[Collected data]
*** Block opens ***

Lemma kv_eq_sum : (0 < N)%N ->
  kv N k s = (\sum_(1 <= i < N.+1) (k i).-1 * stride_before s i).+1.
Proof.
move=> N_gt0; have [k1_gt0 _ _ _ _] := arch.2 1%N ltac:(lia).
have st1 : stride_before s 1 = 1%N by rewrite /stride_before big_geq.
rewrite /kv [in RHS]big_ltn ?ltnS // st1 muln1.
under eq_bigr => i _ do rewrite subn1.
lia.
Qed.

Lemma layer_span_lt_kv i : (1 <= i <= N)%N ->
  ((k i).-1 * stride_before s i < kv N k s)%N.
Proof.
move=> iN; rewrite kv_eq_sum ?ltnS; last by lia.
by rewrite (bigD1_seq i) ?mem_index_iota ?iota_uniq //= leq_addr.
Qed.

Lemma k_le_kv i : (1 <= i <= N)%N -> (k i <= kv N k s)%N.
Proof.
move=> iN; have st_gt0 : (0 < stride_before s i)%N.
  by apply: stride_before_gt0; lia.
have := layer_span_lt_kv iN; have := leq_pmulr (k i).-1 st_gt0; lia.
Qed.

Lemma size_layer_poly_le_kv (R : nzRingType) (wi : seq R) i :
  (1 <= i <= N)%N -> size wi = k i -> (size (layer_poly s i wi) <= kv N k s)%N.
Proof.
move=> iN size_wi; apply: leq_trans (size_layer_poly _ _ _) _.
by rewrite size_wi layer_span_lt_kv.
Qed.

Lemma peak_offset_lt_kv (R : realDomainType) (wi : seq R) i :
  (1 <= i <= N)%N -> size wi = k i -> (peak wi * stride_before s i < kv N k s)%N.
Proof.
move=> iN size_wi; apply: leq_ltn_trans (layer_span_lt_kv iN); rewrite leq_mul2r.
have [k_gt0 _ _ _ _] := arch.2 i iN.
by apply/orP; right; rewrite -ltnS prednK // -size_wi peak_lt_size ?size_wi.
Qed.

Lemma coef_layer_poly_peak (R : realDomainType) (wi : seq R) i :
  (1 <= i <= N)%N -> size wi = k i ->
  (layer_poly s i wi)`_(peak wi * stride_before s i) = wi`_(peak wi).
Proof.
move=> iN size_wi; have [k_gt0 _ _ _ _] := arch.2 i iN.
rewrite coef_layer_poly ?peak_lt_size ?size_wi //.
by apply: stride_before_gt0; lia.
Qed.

*** Block closes ***
*** Block opens ***

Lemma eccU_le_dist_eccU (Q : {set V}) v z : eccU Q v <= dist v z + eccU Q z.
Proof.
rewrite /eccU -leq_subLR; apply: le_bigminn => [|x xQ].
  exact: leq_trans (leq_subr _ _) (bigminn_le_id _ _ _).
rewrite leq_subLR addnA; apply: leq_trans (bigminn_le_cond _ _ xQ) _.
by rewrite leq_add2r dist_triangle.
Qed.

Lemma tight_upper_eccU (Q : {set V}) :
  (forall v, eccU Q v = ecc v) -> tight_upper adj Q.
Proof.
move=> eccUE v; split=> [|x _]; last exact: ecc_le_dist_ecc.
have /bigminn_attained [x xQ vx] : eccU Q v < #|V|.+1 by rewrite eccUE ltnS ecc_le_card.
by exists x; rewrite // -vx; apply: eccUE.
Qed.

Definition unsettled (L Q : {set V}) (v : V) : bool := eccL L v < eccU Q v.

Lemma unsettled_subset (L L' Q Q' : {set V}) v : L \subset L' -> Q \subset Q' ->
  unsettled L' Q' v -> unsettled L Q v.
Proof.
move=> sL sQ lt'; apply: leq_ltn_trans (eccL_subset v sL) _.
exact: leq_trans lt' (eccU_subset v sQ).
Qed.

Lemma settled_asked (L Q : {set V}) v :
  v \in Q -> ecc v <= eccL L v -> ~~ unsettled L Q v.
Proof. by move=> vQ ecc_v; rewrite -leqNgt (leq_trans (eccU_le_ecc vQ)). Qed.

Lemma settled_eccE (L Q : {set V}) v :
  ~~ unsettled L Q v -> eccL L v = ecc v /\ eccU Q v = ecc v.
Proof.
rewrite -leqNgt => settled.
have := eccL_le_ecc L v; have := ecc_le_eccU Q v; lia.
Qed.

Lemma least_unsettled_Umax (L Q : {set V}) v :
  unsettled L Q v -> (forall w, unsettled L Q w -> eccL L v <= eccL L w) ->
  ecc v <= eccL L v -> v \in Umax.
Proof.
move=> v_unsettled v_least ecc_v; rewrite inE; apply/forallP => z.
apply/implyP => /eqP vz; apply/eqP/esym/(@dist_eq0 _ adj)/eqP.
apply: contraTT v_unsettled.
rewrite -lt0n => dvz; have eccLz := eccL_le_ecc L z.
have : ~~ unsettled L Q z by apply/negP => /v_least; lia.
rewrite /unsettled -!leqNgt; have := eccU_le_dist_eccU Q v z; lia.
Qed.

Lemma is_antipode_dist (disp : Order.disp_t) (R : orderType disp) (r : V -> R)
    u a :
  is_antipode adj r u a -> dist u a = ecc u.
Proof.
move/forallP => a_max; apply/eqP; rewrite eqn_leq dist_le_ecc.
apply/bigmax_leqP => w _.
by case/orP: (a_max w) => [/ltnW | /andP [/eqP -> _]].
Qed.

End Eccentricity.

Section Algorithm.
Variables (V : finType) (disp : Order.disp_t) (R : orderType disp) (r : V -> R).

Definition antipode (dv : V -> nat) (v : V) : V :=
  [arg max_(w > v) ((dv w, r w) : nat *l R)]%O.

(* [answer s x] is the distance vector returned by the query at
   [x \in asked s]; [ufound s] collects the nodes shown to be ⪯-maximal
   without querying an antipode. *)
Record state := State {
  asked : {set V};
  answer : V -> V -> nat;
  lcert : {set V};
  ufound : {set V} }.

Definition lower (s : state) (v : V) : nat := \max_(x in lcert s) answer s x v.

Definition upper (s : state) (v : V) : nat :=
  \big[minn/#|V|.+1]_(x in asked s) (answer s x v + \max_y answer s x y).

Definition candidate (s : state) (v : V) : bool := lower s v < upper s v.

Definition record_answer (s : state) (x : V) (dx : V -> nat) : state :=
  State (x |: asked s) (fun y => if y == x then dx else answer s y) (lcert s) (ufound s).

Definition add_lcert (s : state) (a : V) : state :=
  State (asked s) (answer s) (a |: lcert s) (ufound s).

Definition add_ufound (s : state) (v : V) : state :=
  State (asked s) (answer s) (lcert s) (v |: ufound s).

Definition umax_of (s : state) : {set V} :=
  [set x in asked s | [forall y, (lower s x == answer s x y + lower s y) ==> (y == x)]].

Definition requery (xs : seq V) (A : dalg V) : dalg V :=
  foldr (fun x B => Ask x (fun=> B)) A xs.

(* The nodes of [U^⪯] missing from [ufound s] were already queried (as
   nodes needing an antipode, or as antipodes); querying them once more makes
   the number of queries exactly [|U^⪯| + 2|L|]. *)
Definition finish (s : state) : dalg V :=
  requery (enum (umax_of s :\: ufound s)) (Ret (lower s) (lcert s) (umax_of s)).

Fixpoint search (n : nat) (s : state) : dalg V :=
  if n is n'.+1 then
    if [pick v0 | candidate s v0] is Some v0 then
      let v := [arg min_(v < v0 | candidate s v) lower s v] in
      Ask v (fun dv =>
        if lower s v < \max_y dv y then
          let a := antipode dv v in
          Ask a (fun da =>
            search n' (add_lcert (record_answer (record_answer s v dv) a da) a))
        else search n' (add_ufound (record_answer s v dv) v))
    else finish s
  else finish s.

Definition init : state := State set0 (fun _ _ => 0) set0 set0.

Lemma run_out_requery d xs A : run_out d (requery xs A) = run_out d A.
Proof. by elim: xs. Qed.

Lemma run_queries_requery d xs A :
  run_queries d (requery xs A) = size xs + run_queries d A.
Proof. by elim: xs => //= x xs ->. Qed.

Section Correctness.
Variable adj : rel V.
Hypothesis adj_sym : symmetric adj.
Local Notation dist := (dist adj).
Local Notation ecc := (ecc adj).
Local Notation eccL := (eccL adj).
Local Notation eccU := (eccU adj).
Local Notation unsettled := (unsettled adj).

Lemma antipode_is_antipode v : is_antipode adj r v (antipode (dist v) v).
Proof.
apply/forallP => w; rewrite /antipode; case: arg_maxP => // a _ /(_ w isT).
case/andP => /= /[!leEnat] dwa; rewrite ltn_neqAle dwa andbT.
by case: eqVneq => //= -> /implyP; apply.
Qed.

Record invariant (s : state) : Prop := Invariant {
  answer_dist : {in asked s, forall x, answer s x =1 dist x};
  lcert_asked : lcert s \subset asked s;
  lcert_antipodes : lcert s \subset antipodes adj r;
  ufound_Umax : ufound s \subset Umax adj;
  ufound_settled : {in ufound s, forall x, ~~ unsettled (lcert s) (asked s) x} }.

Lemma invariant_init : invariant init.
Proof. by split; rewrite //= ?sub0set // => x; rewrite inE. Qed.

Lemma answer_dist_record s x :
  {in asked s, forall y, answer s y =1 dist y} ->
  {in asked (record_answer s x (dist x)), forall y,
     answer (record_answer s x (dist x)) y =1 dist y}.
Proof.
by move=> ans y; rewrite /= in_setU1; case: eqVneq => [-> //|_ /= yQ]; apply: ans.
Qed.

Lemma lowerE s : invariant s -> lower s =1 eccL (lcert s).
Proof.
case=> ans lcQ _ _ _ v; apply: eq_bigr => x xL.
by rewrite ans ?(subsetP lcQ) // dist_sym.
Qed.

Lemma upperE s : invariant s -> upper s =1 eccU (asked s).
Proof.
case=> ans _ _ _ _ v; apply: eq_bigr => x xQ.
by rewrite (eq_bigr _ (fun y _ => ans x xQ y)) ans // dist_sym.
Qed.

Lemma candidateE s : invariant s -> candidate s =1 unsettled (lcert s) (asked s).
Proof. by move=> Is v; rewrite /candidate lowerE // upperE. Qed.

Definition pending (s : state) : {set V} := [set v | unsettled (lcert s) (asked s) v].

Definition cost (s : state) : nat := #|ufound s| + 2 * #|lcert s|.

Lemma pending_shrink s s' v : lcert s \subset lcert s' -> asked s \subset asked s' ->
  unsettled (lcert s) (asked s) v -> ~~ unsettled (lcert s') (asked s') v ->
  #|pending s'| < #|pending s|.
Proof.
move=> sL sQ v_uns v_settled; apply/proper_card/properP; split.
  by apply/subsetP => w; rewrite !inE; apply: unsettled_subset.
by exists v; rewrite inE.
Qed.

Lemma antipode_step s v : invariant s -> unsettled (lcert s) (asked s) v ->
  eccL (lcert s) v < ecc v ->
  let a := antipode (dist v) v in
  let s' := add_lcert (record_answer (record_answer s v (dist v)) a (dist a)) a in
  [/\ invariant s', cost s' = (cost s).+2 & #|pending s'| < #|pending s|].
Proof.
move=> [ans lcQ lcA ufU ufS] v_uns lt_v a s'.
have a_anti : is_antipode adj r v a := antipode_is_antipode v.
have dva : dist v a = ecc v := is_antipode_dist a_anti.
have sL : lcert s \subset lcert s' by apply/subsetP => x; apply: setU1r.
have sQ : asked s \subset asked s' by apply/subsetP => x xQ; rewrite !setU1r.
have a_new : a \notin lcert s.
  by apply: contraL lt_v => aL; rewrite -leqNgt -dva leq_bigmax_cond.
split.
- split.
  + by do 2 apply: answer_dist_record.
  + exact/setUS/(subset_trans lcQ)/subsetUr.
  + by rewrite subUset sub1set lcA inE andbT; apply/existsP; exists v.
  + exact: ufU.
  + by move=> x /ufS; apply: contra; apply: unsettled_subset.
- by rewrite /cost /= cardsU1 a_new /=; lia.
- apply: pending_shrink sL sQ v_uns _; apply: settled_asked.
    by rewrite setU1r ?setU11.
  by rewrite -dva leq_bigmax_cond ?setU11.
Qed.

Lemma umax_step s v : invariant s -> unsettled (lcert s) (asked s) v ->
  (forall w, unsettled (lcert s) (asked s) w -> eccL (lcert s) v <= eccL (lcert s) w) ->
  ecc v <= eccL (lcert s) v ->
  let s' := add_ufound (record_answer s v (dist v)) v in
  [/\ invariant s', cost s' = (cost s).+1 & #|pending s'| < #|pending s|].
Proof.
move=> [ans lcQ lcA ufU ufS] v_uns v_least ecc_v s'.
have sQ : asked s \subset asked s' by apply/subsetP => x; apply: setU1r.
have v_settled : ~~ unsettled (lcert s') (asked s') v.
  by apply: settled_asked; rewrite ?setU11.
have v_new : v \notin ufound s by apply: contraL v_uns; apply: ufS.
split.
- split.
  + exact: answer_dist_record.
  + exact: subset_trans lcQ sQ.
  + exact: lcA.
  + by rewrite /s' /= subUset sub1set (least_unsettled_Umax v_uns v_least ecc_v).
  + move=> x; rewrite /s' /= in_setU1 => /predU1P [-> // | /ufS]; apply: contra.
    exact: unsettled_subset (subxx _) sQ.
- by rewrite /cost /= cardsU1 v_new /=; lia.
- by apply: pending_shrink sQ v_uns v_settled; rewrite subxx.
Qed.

*** Block closes ***

* **About this task**
Write out exactly the lines above from the line with "if lower s v < \max_y dv y then" through the line with "Variable adj : rel V.", both of them included, and leave out all other lines.

* **Written response**
        if lower s v < \max_y dv y then
          let a := antipode dv v in
          Ask a (fun da =>
            search n' (add_lcert (record_answer (record_answer s v dv) a da) a))
        else search n' (add_ufound (record_answer s v dv) v))
    else finish s
  else finish s.

Definition init : state := State set0 (fun _ _ => 0) set0 set0.

Lemma run_out_requery d xs A : run_out d (requery xs A) = run_out d A.
Proof. by elim: xs. Qed.

Lemma run_queries_requery d xs A :
  run_queries d (requery xs A) = size xs + run_queries d A.
Proof. by elim: xs => //= x xs ->. Qed.

Section Correctness.
Variable adj : rel V.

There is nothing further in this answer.